** Opening Records for this exercise block **
Lemma cg_verts_gt0 L v : (0 < #|cg_edges G L v|)%N -> (0 < #|cg_verts G L v|)%N.
Proof.
case/card_gt0P => p /cg_edges_verts[pV _].
by apply/card_gt0P; exists p.1.
Qed.

Lemma cg_density_lt L v v' :
  (0 < #|cg_verts G L v|)%N -> (0 < #|cg_verts G L v'|)%N ->
  (#|cg_edges G L v| * #|cg_verts G L v'| < #|cg_edges G L v'| * #|cg_verts G L v|)%N ->
  cg_density G L v < cg_density G L v'.
Proof.
move=> Vv Vv' lt; rewrite /cg_density ltr_pdivrMr ?ltr0n //.
by rewrite mulrAC ltr_pdivlMr ?ltr0n // -!natrM ltr_nat.
Qed.

End Greedy.

Inductive kind := Top | Mid | Gate of nat | Core of nat.

Definition kadj (a b : kind) : bool :=
  match a, b with
  | Top, Mid | Mid, Top | Top, Core _ | Core _, Top | Mid, Gate _ | Gate _, Mid
  | Mid, Core _ | Core _, Mid => true
  | Gate i, Core j | Core j, Gate i => i == j
  | _, _ => false
  end.

(* Distance between two distinct vertices of the given kinds; two vertices of
   the same core are joined through its gate. *)
Definition kdist (a b : kind) : rat :=
  match a, b with
  | Top, Top | Mid, Mid => 0
  | Top, Mid | Mid, Top | Top, Core _ | Core _, Top => 8
  | Top, Gate _ | Gate _, Top => 12
  | Mid, Gate _ | Gate _, Mid => 6
  | Mid, Core _ | Core _, Mid => 9
  | Gate i, Gate j => if i == j then 0 else 12
  | Gate i, Core j | Core j, Gate i => if i == j then 4 else 15
  | Core i, Core j => if i == j then 8 else 16
  end.

Definition kvia (a b : kind) : kind :=
  match a, b with
  | Top, Gate j | Gate j, Top => Core j
  | Core i, Core j => if i == j then Gate i else Top
  | _, _ => Mid
  end.

Definition kdistinct (a b : kind) : bool :=
  match a, b with Top, Top | Mid, Mid => false | Gate i, Gate j => i != j | _, _ => true end.

Definition is_gate (a : kind) : bool := if a is Gate _ then true else false.

Ltac kind_cases :=
  repeat (rewrite ?eqxx;
          match goal with |- context [?i == ?j] => case: (i =P j) => [?|?]; subst end);
  rewrite ?eqxx.

Ltac kind_close := move=> *;
  solve [ match goal with H : @eq rat _ _ |- _ => exfalso; move: H; clear; lra end
        | done | by left | by right
        | match goal with H : ?x <> ?x |- _ => by case: H end
        | match goal with |- is_true _ => lra end ].
(* Let $S\subset\mathbb{Z}^d$ be a finite set, $\mathcal{P}=\{P_\alpha\}_{\alpha\in S}$ a resolution of unity on $\mathbb{C}^D$ and $C$ a $D\times D$ unitary matrix. If $U(S,\mathcal{P},C)$ has an eigenvalue, then there exist a nonzero vector $\phi\in\mathbb{C}^D$ and a point $x_o\in\mathbb{Z}^d$ such that $\limsup_{n\to\infty}p_n(\phi;x_o)>0$.
   Context: A resolution of unity on $\mathbb{C}^D$ indexed by a finite $S\subset\mathbb{Z}^d$ is a family of orthogonal projections $P_\alpha$ with $P_\alpha P_\beta=0$ for $\alpha\ne\beta$ and $\sum_{\alpha\in S}P_\alpha=I$. For $\alpha\in\mathbb{Z}^d$, $\tau^\alpha$ acts on $\ell^2(\mathbb{Z}^d,\mathbb{C}^D)$ by $(\tau^\alpha f)(x)=f(x-\alpha)$. $U(S,\mathcal{P},C)=\big(\sum_{\alpha\in S}\tau^\alpha P_\alpha\big)C$, with $C$ acting pointwise. $\delta_0\otimes\phi$ is the function equal to $\phi$ at $0$ and $0$ elsewhere and $p_n(\phi;x)=\|U(S,\mathcal{P},C)^n(\delta_0\otimes\phi)(x)\|^2_{\mathbb{C}^D}$. Eigenvalue means an element of the point spectrum. *)

From Stdlib Require Import Reals List ZArith.
Open Scope R_scope.

Definition Cx : Type := (R * R)%type.
Definition C0 : Cx := (0, 0).
Definition C1 : Cx := (1, 0).
Definition Cadd (z w : Cx) : Cx := (fst z + fst w, snd z + snd w).
Definition Cmul (z w : Cx) : Cx :=
  (fst z * fst w - snd z * snd w, fst z * snd w + snd z * fst w).
Definition Cconj (z : Cx) : Cx := (fst z, - snd z).
Definition Cnorm2 (z : Cx) : R := fst z * fst z + snd z * snd z.
(* Let $K$ be a compact Hausdorff space and let $(f_n)_{n\in\mathbb{N}}$ be a pairwise disjoint sequence in $C_1(K)$. Suppose there exists a closed set $L\subseteq K$ such that $supp(f_n)\subseteq L$ for all $n\in\mathbb{N}$. Then $$K((f_n)_{n\in\mathbb{N}})=L((f_n|L)_{n\in\mathbb{N}})\cup\left(\overline{K\setminus L}\right)\times\{0\},$$ where $L((f_n|L)_{n\in\mathbb{N}})\subseteq L\times[0,1]$ is regarded as a subset of $K\times[0,1]$.
   Context: All spaces are Hausdorff. For a compact space $K$, $C_1(K)$ denotes the set of continuous functions $K\to[0,1]$; $f,g$ are disjoint if $f\cdot g=0$. For a real function $f$ on $K$, $supp(f)$ is the closure of $\{x\in K: f(x)\neq 0\}$. For a pairwise disjoint sequence $(f_n)_{n\in\mathbb{N}}$ in $C_1(K)$, let $D((f_n)_{n\in\mathbb{N}})$ be the union of all open sets $U\subseteq K$ such that $\{n: U\cap supp(f_n)\neq\emptyset\}$ is finite. The extension of $K$ by $(f_n)_{n\in\mathbb{N}}$, denoted $K((f_n)_{n\in\mathbb{N}})$, is the closure in $K\times[0,1]$ of the graph of the function $\sum_{n\in\mathbb{N}} f_n$ restricted to $D((f_n)_{n\in\mathbb{N}})$. *)

From HB Require Import structures.
From mathcomp Require Import all_boot all_order all_algebra.
From mathcomp Require Import all_classical all_reals all_analysis.
Set Implicit Arguments. Unset Strict Implicit. Unset Printing Implicit Defensive.
Import Order.TTheory GRing.Theory Num.Theory numFieldNormedType.Exports.
Local Open Scope classical_set_scope.
Local Open Scope ring_scope.

Section Ext.
Context {R : realType} {T : topologicalType}.

Definition in_C1 (f : T -> R) : Prop :=
  continuous f /\ (forall x, 0 <= f x <= 1).

Definition disjoint_seq (f : nat -> T -> R) : Prop :=
  forall n m, n <> m -> forall x, f n x * f m x = 0.

(* support of g relative to the subspace A (closure taken in A) of g|A;
   for A = setT this is the usual support *)
Definition supp_in (A : set T) (g : T -> R) : set T :=
  A `&` closure [set x | A x /\ g x != 0].

Definition supp (g : T -> R) : set T := closure [set x | g x != 0].

(* D((f_n|A)_n) computed in the space A: union of relatively open U of A
   meeting only finitely many supports *)
Definition Dset_in (A : set T) (f : nat -> T -> R) : set T :=
  [set x | exists U : set T, [/\ (exists V, open V /\ U = V `&` A), U x &
     finite_set [set n | U `&` supp_in A (f n) !=set0] ] ].

Definition sumf (f : nat -> T -> R) (x : T) : R := limn (series (fun n => f n x)).

(* A((f_n|A)_n): closure in A x [0,1] of the graph of sum f_n on D *)
Definition ext_in (A : set T) (f : nat -> T -> R) : set (T * R) :=
  [set p | (A p.1 /\ 0 <= p.2 <= 1) /\
     closure [set q | Dset_in A f q.1 /\ q.2 = sumf f q.1] p].

Definition ext (f : nat -> T -> R) : set (T * R) := ext_in setT f.

End Ext.

From HB Require Import structures.
From mathcomp Require Import all_boot all_order all_algebra.
From mathcomp Require Import all_classical all_reals all_analysis.
Import Order.TTheory GRing.Theory Num.Theory numFieldNormedType.Exports.
Local Open Scope classical_set_scope.
Local Open Scope ring_scope.

(* Outside L every f_n vanishes, so the complement of L is an open set meeting
   no support: the graph of sum f_n on D((f_n)_n) is the graph over D((f_n|L)_n)
   together with (K \ L) x {0}.  Taking closures, the first piece stays inside
   the closed set L x [0,1] and the second becomes closure(K \ L) x {0}. *)

Lemma closure_setX1 {T U : topologicalType} (A : set T) (b : U) :
  closed [set b] -> closure (A `*` [set b]) = closure A `*` [set b].
Proof.
move=> clb; apply/seteqP; split.
  have clAb : closed (fst @^-1` closure A `&` snd @^-1` [set b]).
    apply: closedI; apply: (proj1 (continuous_closedP _)) => //.
    - by move=> p; exact: cvg_fst.
    - exact: closed_closure.
    - by move=> p; exact: cvg_snd.
  rewrite [X in _ `<=` X](closure_id _).1 //; apply: closureS.
  by move=> p [Ap bp]; split => //; exact: subset_closure.
move=> [a c] [/= clAa ->] B [[A1 A2] /= [nA1 nA2] A12B].
have [y [Ay A1y]] := clAa A1 nA1.
by exists (y, b); split => //; apply: A12B; split => //; exact: nbhs_singleton.
Qed.

Definition graph_on {R : realType} {T : topologicalType}
    (A : set T) (f : nat -> T -> R) : set (T * R) :=
  [set q | Dset_in A f q.1 /\ q.2 = sumf f q.1].

Lemma Dset_in_sub {R : realType} {T : topologicalType}
    (A : set T) (f : nat -> T -> R) : Dset_in A f `<=` A.
Proof. by move=> x [_ [[V [_ ->]] [] _]]. Qed.

Lemma closure_graph_on_sub {R : realType} {T : topologicalType}
    (A : set T) (f : nat -> T -> R) :
  closed A -> closure (graph_on A f) `<=` fst @^-1` A.
Proof.
move=> clA; have clfA : closed (fst @^-1` A : set (T * R)).
  by apply: (proj1 (continuous_closedP _)) => // p; exact: cvg_fst.
rewrite [X in _ `<=` X](closure_id _).1 //; apply: closureS.
by move=> q [/Dset_in_sub].
Qed.

Section SupportsInL.
Context {R : realType} {T : topologicalType}.
Variables (f : nat -> T -> R) (L : set T).
Hypothesis hL : closed L.
Hypothesis hsupp : forall n, supp (f n) `<=` L.

Lemma f_eq0_notin n x : ~ L x -> f n x = 0.
Proof.
move=> nLx; apply/eqP; apply: contrapT => /negP fx_neq0.
by apply: nLx; apply: (hsupp n); exact: subset_closure.
Qed.

Lemma sumf_eq0_notin x : ~ L x -> sumf f x = 0.
Proof.
move=> nLx; rewrite /sumf (_ : series _ = fun=> 0) ?lim_cst //.
by apply/funext => n; apply: big1 => k _; exact: f_eq0_notin.
Qed.

Lemma supp_in_supp (A : set T) n : L `<=` A -> supp_in A (f n) = A `&` supp (f n).
Proof.
move=> LA; rewrite /supp_in /supp; congr (_ `&` closure _).
apply/seteqP; split => x /=; first by case.
move=> fx_neq0; split => //; apply: LA; apply: (hsupp n).
exact: subset_closure.
Qed.

Lemma Dset_in_L_setT : Dset_in L f `<=` Dset_in setT f.
Proof.
move=> x [_ [[V [oV ->]] [Vx _] fin]].
exists V; split => //; first by exists V; rewrite setIT.
apply: sub_finite_set fin => n /= [y [Vy]].
rewrite !supp_in_supp // => -[_ fny].
by exists y; split; split => //; exact: hsupp fny.
Qed.

Lemma Dset_in_setT_L x : L x -> Dset_in setT f x -> Dset_in L f x.
Proof.
move=> Lx [_ [[V [oV ->]] [Vx _] fin]].
exists (V `&` L); split => //; first by exists V.
apply: sub_finite_set fin => n /= [y [[Vy Ly]]].
by rewrite !supp_in_supp // => -[_ fny]; exists y.
Qed.

Lemma Dset_in_setT_notin x : ~ L x -> Dset_in setT f x.
Proof.
move=> nLx; exists (~` L); split => //.
  by exists (~` L); rewrite setIT; split => //; exact: closed_openC.
rewrite (_ : [set n | _] = set0); first exact: finite_set0.
apply/seteqP; split => n //= [y [nLy]].
by rewrite supp_in_supp // => -[_ /hsupp].
Qed.

Lemma graph_on_setT :
  graph_on setT f = graph_on L f `|` (~` L) `*` [set 0].
Proof.
apply/seteqP; split => -[x r] /=.
  move=> [Dx /= ->]; have [Lx|nLx] := pselect (L x).
    by left; split => //; exact: Dset_in_setT_L.
  by right; split => //; exact: sumf_eq0_notin.
move=> [[Dx /= ->]|[nLx /= ->]]; first by split => //; exact: Dset_in_L_setT.
by split; [exact: Dset_in_setT_notin | rewrite sumf_eq0_notin].
Qed.

End SupportsInL.

Theorem lemma4p3 (R : realType) (K : topologicalType)
  (hK : compact [set: K]) (hH : hausdorff_space K)
  (f : nat -> K -> R) (hf : forall n, in_C1 (f n)) (hdisj : disjoint_seq f)
  (L : set K) (hL : closed L) (hsupp : forall n, supp (f n) `<=` L) :
  ext f = ext_in L f `|` (closure (~` L)) `*` [set (0 : R)].
Proof.
rewrite /ext /ext_in -/(graph_on [set: K] f) -/(graph_on L f).
rewrite (graph_on_setT f L hL hsupp) closureU.
rewrite closure_setX1; last exact: closed_eq.
apply/seteqP; split => -[x r] /=.
  move=> [[_ r01] [clLxr|[clx r0]]]; last by right.
  by left; split => //; split => //; exact: closure_graph_on_sub clLxr.
move=> [[[_ r01] clLxr]|[clx ->]]; first by split => //; left.
by split; [split; rewrite // lexx ler01 | right].
Qed.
** Closing Records for this exercise block **
[What is being asked]:
Output, please, only the lines running from the start of the entries through the line that contains "left | by right", including both of those lines.

[Problem solution]:
Lemma cg_verts_gt0 L v : (0 < #|cg_edges G L v|)%N -> (0 < #|cg_verts G L v|)%N.
Proof.
case/card_gt0P => p /cg_edges_verts[pV _].
by apply/card_gt0P; exists p.1.
Qed.

Lemma cg_density_lt L v v' :
  (0 < #|cg_verts G L v|)%N -> (0 < #|cg_verts G L v'|)%N ->
  (#|cg_edges G L v| * #|cg_verts G L v'| < #|cg_edges G L v'| * #|cg_verts G L v|)%N ->
  cg_density G L v < cg_density G L v'.
Proof.
move=> Vv Vv' lt; rewrite /cg_density ltr_pdivrMr ?ltr0n //.
by rewrite mulrAC ltr_pdivlMr ?ltr0n // -!natrM ltr_nat.
Qed.

End Greedy.

Inductive kind := Top | Mid | Gate of nat | Core of nat.

Definition kadj (a b : kind) : bool :=
  match a, b with
  | Top, Mid | Mid, Top | Top, Core _ | Core _, Top | Mid, Gate _ | Gate _, Mid
  | Mid, Core _ | Core _, Mid => true
  | Gate i, Core j | Core j, Gate i => i == j
  | _, _ => false
  end.

(* Distance between two distinct vertices of the given kinds; two vertices of
   the same core are joined through its gate. *)
Definition kdist (a b : kind) : rat :=
  match a, b with
  | Top, Top | Mid, Mid => 0
  | Top, Mid | Mid, Top | Top, Core _ | Core _, Top => 8
  | Top, Gate _ | Gate _, Top => 12
  | Mid, Gate _ | Gate _, Mid => 6
  | Mid, Core _ | Core _, Mid => 9
  | Gate i, Gate j => if i == j then 0 else 12
  | Gate i, Core j | Core j, Gate i => if i == j then 4 else 15
  | Core i, Core j => if i == j then 8 else 16
  end.

Definition kvia (a b : kind) : kind :=
  match a, b with
  | Top, Gate j | Gate j, Top => Core j
  | Core i, Core j => if i == j then Gate i else Top
  | _, _ => Mid
  end.

Definition kdistinct (a b : kind) : bool :=
  match a, b with Top, Top | Mid, Mid => false | Gate i, Gate j => i != j | _, _ => true end.

Definition is_gate (a : kind) : bool := if a is Gate _ then true else false.

Ltac kind_cases :=
  repeat (rewrite ?eqxx;
          match goal with |- context [?i == ?j] => case: (i =P j) => [?|?]; subst end);
  rewrite ?eqxx.

Ltac kind_close := move=> *;
  solve [ match goal with H : @eq rat _ _ |- _ => exfalso; move: H; clear; lra end
        | done | by left | by right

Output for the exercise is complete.